### WHAT TO WORK ON
Pick each line containing the word "Gfull" out of the data below.
┌─ TASK MATERIAL
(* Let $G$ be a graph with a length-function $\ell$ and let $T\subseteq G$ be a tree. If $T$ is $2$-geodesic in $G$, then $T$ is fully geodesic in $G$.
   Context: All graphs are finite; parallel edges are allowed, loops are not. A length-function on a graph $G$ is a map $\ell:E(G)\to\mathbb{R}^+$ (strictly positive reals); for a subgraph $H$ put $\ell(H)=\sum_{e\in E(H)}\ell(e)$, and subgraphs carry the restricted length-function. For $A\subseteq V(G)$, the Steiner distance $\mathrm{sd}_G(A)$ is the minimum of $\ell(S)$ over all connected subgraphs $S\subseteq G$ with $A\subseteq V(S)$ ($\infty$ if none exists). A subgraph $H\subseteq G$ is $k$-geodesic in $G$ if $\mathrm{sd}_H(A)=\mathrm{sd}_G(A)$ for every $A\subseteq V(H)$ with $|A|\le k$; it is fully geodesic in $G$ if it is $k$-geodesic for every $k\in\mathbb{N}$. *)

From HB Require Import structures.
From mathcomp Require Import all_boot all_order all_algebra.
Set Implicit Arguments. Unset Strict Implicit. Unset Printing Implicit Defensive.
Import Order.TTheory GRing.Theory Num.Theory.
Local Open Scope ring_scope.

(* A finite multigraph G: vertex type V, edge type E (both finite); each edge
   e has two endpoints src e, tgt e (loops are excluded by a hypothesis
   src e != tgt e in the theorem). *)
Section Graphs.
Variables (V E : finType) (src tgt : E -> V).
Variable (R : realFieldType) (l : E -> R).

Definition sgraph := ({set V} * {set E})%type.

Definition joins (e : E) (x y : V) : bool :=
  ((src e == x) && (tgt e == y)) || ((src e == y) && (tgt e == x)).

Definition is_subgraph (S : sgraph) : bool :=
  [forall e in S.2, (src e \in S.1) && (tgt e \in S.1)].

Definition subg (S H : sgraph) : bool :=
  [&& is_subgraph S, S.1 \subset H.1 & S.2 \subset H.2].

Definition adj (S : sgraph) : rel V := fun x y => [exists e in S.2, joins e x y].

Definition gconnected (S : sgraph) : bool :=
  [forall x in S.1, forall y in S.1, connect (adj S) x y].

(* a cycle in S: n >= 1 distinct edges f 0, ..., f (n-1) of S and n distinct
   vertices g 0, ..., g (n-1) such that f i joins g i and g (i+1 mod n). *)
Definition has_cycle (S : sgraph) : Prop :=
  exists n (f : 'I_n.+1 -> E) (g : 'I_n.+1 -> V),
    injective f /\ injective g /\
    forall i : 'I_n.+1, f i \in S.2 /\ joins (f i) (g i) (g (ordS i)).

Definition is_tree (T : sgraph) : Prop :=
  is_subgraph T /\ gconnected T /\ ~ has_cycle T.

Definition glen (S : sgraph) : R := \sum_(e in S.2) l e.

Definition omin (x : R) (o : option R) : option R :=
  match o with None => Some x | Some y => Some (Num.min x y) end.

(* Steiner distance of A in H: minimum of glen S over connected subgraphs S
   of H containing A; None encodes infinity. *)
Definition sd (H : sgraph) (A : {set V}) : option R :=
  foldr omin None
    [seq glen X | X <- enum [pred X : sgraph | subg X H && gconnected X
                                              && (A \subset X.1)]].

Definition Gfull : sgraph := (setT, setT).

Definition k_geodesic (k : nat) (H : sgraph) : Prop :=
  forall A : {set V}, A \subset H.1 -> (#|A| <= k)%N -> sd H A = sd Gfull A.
└─
### ANSWER SECTION
Definition Gfull : sgraph := (setT, setT).
  forall A : {set V}, A \subset H.1 -> (#|A| <= k)%N -> sd H A = sd Gfull A.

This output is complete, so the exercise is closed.